Well, taking them one at a time, the LGB 20140 cost me $200 a year or so ago, The batteries and electronics cost another $200-ish. It is available if you want to own it - I have nowhere to store it or run it. I'll need to acquire another $100 DSM2 R/C TX (transmitter) so the loco and one gondola cost me about $500. Yes, it is a pricey hobby - that RH diesel has r/c in it and is made of metal so it costs $$. But battery r/c is pricey anyway.

Feldbahn is the German for Field (Feld) Railway (Bahn.) Usually a narrow gauge RR on light track in the middle of nowhere (now converted to carry tourists?)
Feldbahn - Wikipedia
There are several German manufacturers in that category: LGB of course, Faller tried for a while with the eTrain, and Regner makes the RSSB.
REGNER RSSB - gardenrailways.co.uk

Most of the feldbahn models are not 45mm gauge. Regner uses 30mm to represent 600mm (2') while Faller used 32mm (O gauge.) I have a bunch of the latter - 32mm track at 30 inch diameter curves, and also some little Faller hoppers on LGB 4 wheel 45mm wagon frames:










I should also point out that these are not LGB feldbahn wagons or frames. LGB has a separate product line called feldbahn, with dinky wagons and small wheels - these below (the loco is not a "feldbahn" product, but could be.)










As I mentioned, the Brits imported many locos from German manufacturers, so the LGB 20140 would not be wrong in a UK quarry. A proper British quarry loco, like the Slaters "hunslet" pictured above, is only available in 32mm gauge. The Roundhouse diesels are the only UK locos I know of that are re-gaugeable.

If you want to use 32mm gauge I heartily recommend Peco SM32. It is narrow gauge, has untidy ties/sleepers, and is excellent quality. (I have a stack on my shelf waiting for me to get around to using it.)

If you want to use 45mm g-gauge track, then there are a few choices. The LGB 20140 has various similar locos (LGB "Chloe", Porter, etc.) Or you could take an 0-4-0 frame and put a UK body on top. That would be a fun project.

Finally, there is the Bachmann "Lyn" which came from a 2' gauge railway, but passenger carrying, not a quarry. It is cheap and 45mm.
https://d10m3frg6iijb8.cloudfront.net/uploads/new_lot_image/image/4491765/458.JPG


----------



## Pete Thornton (Jan 2, 2008)

Jerry had me counting my loco collection last night, and I recalled one, an LGB Porter, which is perfectly suited to be a UK quarry loco.

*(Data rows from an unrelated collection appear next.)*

Lemma cut_edge_ports (U : {set V}) (g : E) (u w : V) :
  endsG g = [set u; w] -> u \in U -> w \notin U -> g \in cutsetG U /\ w \in ports U.
Proof.
move=> Eg uU wU; have gU : g \in cutsetG U by rewrite inE Eg crosses2.
by split => //; apply/portsP; split => //; exists g; rewrite // Eg set22.
Qed.

Lemma ports_tombolo (U : {set V}) : #|cutsetG U| = 2 ->
  exists a b, a != b /\ ports U = [set a; b].
Proof.
move=> U2; have /eqP/cards2P[s1 [s2 [_ cutU]]] := U2.
have s1U : s1 \in cutsetG U by rewrite cutU set21.
have s2U : s2 \in cutsetG U by rewrite cutU set22.
have [u1 [w1 [u1U w1U E1]]] := cutsetG_ends s1U.
have [u2 [w2 [u2U w2U E2]]] := cutsetG_ends s2U.
have portsU : ports U = [set w1; w2].
  apply/setP => v; apply/portsP/set2P => [[vU [g]] | [->|->]].
  - rewrite cutU => /set2P[]->; rewrite ?E1 ?E2 => /set2P[] Ev; subst v; auto;
      by rewrite ?u1U ?u2U in vU.
  - by split => //; exists s1; rewrite // E1 set22.
  - by split => //; exists s2; rewrite // E2 set22.
exists w1, w2; split => //; apply/negP => /eqP w12.
suff : 2 < #|cutsetG (~: U)| by rewrite cutsetGC U2.
apply: (@cutsetG_star_gt2 _ w1 u1); rewrite ?inE ?w1U ?u1U // cutsetGC cutU.
by move=> g /set2P[]->; rewrite ?E1 ?E2 -?w12 set22.
Qed.

Lemma vsub_endset (Y : {set V}) (f : Edge) : f \in vsub Y -> endset f \subset Y.
Proof. by rewrite inE; case: f => [g|[S P]] //= /and3P[]. Qed.

Lemma vsub_restrict (W X : {set V}) (f : Edge) :
  W \subset X -> f \in vsub X -> endset f \subset W -> f \in vsub W.
Proof.
case: f => [g|[S P]]; rewrite !inE /= => sWX; first by move=> _ ->.
case/and3P=> ->_ /forallP outX -> /=; apply/forallP => g; apply/implyP => gS.
by move: (outX g); rewrite gS; apply: contra => /subset_trans; apply.
Qed.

Then there are a few other LGB 0-4-0s which would work, like this EMMA:


----------



## hoosier daddy (Jan 31, 2018)

Pete Thornton said:


> Well, taking them one at a time, the LGB 20140 cost me $200 a year or so ago, The batteries and electronics cost another $200-ish. It is available if you want to own it - I have nowhere to store it or run it. I'll need to acquire another $100 DSM2 R/C TX (transmitter) so the loco and one gondola cost me about $500. Yes, it is a pricey hobby - that RH diesel has r/c in it and is made of metal so it costs $$. But battery r/c is pricey anyway.
> 
> Feldbahn is the German for Field (Feld) Railway (Bahn.) Usually a narrow gauge RR on light track in the middle of nowhere (now converted to carry tourists?)
> Feldbahn - Wikipedia
> ...





Pete Thornton said:


> Jerry had me counting my loco collection last night, and I recalled one, an LGB Porter, which is perfectly suited to be a UK quarry loco.
> 
> 
> 
> ...


Hello Pete-
Sorry for the delay in replying to post above, Christmas, et al got in the way.
I appreciate your offer for the loco with R/C and trailing car plus R/C controller....I'll have to check with "The Chancellor of the Exchequer" to see if funding might be available. This might take a while as we've got some other expenses which take priority so I can't commit for now. If you have other opportunities to sell it, by all means do it....I'll just cry in my beer a bit. But if funding does become available I'll check back with you.
Regards-
Robin


----------